START SUPPLIED INFORMATION

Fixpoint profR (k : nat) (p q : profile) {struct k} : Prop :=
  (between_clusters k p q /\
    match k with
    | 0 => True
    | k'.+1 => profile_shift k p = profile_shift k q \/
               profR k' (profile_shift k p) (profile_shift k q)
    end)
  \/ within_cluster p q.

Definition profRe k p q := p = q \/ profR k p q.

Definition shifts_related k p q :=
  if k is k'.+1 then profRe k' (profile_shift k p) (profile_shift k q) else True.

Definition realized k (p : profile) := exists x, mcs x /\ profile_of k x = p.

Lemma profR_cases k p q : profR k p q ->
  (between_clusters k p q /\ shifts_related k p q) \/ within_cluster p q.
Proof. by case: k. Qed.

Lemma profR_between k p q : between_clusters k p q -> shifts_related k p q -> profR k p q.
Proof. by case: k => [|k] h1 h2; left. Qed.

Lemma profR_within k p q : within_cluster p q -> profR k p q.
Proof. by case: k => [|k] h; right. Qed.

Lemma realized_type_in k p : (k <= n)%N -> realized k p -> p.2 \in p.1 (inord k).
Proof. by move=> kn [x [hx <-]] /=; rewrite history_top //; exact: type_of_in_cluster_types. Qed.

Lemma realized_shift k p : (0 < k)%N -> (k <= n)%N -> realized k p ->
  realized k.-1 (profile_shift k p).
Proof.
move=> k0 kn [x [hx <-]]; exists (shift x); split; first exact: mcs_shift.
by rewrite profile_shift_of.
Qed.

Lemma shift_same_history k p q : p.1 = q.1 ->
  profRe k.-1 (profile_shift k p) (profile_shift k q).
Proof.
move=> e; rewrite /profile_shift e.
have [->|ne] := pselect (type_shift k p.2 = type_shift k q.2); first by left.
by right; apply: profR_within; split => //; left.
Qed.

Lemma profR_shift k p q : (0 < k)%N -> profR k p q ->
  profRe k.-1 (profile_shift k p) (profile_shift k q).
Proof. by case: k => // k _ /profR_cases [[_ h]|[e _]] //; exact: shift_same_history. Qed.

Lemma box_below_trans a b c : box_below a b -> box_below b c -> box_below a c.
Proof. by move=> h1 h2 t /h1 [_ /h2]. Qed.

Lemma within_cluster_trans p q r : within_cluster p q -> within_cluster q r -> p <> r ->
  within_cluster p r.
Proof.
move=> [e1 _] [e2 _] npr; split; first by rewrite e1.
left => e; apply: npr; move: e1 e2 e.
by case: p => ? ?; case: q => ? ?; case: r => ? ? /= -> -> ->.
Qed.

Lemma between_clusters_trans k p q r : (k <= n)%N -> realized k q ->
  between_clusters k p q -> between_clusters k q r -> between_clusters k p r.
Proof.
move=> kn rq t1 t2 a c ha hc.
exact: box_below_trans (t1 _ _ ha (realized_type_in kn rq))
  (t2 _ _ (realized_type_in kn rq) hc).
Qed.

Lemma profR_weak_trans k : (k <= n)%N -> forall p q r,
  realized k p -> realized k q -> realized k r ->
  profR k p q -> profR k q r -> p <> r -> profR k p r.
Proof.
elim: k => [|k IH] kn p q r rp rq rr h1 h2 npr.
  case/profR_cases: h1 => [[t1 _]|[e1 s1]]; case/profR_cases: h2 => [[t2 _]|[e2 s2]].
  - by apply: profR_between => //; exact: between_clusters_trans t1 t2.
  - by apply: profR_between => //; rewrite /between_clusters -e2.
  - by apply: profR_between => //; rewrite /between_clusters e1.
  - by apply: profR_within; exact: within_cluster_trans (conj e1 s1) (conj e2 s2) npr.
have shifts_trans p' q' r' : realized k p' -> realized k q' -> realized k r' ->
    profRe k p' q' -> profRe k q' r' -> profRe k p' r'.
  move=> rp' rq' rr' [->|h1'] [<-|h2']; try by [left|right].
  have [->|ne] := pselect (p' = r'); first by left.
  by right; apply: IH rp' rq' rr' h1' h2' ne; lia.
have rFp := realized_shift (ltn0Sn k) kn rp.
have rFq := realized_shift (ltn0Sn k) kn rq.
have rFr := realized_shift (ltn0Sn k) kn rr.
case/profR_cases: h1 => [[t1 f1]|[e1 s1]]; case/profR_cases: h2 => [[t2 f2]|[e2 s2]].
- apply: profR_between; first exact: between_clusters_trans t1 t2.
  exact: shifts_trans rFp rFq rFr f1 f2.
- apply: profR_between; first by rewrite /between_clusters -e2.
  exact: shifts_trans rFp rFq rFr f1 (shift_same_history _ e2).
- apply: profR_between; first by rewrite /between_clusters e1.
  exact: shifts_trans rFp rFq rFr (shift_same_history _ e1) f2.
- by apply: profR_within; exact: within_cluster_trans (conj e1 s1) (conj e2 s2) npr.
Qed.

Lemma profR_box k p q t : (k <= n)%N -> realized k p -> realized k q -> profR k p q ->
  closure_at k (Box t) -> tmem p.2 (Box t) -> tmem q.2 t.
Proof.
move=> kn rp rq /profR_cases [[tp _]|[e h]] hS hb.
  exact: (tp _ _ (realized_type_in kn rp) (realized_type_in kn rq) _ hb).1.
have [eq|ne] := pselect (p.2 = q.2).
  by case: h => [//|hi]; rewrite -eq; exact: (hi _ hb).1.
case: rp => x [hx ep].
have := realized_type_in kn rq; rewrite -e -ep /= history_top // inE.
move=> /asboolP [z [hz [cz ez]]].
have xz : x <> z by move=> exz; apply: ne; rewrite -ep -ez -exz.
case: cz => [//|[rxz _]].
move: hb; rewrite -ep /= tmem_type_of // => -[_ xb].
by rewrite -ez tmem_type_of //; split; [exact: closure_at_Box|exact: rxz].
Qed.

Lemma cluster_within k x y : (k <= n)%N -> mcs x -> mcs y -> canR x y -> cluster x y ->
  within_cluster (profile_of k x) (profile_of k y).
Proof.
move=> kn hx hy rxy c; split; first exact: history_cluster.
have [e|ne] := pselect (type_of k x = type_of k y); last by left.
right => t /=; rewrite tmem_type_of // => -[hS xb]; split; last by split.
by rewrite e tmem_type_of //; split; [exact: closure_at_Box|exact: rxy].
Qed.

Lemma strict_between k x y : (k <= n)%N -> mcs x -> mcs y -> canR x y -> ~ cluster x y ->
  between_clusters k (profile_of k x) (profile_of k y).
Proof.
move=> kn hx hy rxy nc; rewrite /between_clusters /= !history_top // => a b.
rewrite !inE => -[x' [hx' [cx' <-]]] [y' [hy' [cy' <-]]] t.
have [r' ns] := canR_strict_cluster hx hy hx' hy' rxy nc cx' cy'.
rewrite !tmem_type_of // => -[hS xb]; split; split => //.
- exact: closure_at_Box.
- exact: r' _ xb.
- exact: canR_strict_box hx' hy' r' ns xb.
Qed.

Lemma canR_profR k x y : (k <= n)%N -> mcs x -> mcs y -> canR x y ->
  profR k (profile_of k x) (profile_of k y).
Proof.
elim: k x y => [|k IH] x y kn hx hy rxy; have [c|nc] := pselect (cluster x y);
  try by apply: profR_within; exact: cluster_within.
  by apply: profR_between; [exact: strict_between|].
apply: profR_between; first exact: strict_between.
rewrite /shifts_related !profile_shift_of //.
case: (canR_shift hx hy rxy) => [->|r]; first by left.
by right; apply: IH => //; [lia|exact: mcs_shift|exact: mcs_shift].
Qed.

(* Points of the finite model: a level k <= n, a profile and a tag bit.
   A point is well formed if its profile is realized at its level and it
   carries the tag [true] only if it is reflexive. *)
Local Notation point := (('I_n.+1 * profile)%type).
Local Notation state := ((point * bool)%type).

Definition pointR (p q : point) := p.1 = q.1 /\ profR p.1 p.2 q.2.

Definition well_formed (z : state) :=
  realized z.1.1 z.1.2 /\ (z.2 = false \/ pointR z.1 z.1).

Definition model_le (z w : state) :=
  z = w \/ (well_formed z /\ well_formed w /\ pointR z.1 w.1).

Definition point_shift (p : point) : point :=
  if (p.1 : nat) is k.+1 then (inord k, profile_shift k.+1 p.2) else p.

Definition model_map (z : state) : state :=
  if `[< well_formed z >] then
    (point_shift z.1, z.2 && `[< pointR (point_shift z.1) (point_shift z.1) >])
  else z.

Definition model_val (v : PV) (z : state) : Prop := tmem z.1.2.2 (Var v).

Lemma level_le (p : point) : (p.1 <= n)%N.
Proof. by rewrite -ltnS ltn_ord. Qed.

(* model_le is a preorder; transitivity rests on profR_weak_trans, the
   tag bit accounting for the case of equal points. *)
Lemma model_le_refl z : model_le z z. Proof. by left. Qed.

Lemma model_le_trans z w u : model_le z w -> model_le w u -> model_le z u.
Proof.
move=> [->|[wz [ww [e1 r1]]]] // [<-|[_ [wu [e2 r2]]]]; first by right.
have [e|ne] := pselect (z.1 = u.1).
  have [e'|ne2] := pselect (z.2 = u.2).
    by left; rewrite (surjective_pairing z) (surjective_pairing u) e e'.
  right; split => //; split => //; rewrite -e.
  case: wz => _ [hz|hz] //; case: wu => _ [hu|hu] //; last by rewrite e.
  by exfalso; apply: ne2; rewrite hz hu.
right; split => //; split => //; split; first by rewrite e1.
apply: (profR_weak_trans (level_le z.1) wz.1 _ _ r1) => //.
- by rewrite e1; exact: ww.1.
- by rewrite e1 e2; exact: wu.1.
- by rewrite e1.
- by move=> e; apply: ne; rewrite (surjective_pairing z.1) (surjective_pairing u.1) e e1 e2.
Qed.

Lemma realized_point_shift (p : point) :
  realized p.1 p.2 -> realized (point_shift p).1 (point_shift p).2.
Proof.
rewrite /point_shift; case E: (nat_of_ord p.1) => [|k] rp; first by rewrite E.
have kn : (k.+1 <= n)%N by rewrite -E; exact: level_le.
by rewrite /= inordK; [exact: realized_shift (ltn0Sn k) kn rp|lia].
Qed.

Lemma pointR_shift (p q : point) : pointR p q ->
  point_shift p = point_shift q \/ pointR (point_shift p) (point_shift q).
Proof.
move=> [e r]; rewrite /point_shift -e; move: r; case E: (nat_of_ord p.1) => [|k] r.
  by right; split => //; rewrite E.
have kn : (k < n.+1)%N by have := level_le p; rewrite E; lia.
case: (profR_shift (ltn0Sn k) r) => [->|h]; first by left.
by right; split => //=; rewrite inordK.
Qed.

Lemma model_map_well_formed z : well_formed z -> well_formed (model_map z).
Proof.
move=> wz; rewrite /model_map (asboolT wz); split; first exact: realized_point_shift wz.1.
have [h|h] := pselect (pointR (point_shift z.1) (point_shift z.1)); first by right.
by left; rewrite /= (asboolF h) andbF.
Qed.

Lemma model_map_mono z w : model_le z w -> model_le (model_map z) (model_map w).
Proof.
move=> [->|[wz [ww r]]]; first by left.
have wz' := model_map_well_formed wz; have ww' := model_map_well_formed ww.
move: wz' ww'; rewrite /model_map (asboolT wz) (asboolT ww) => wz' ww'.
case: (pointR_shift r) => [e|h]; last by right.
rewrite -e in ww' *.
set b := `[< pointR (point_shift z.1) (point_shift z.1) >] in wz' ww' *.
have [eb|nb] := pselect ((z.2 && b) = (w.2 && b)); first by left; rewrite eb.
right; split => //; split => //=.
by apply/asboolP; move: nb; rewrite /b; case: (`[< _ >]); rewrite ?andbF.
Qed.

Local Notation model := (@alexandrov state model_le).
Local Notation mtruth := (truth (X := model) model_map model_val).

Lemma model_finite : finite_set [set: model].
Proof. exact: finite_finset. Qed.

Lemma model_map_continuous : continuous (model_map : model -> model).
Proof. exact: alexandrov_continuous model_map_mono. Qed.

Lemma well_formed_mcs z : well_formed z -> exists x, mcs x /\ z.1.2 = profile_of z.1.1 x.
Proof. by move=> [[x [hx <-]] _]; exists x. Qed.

END SUPPLIED INFORMATION

**TASK STATEMENT**:
Quote the records from their first line to the line with "Proof. by case: k. Qed.", inclusive, without adding or dropping anything.

**REPLY**:
Fixpoint profR (k : nat) (p q : profile) {struct k} : Prop :=
  (between_clusters k p q /\
    match k with
    | 0 => True
    | k'.+1 => profile_shift k p = profile_shift k q \/
               profR k' (profile_shift k p) (profile_shift k q)
    end)
  \/ within_cluster p q.

Definition profRe k p q := p = q \/ profR k p q.

Definition shifts_related k p q :=
  if k is k'.+1 then profRe k' (profile_shift k p) (profile_shift k q) else True.

Definition realized k (p : profile) := exists x, mcs x /\ profile_of k x = p.

Lemma profR_cases k p q : profR k p q ->
  (between_clusters k p q /\ shifts_related k p q) \/ within_cluster p q.
Proof. by case: k. Qed.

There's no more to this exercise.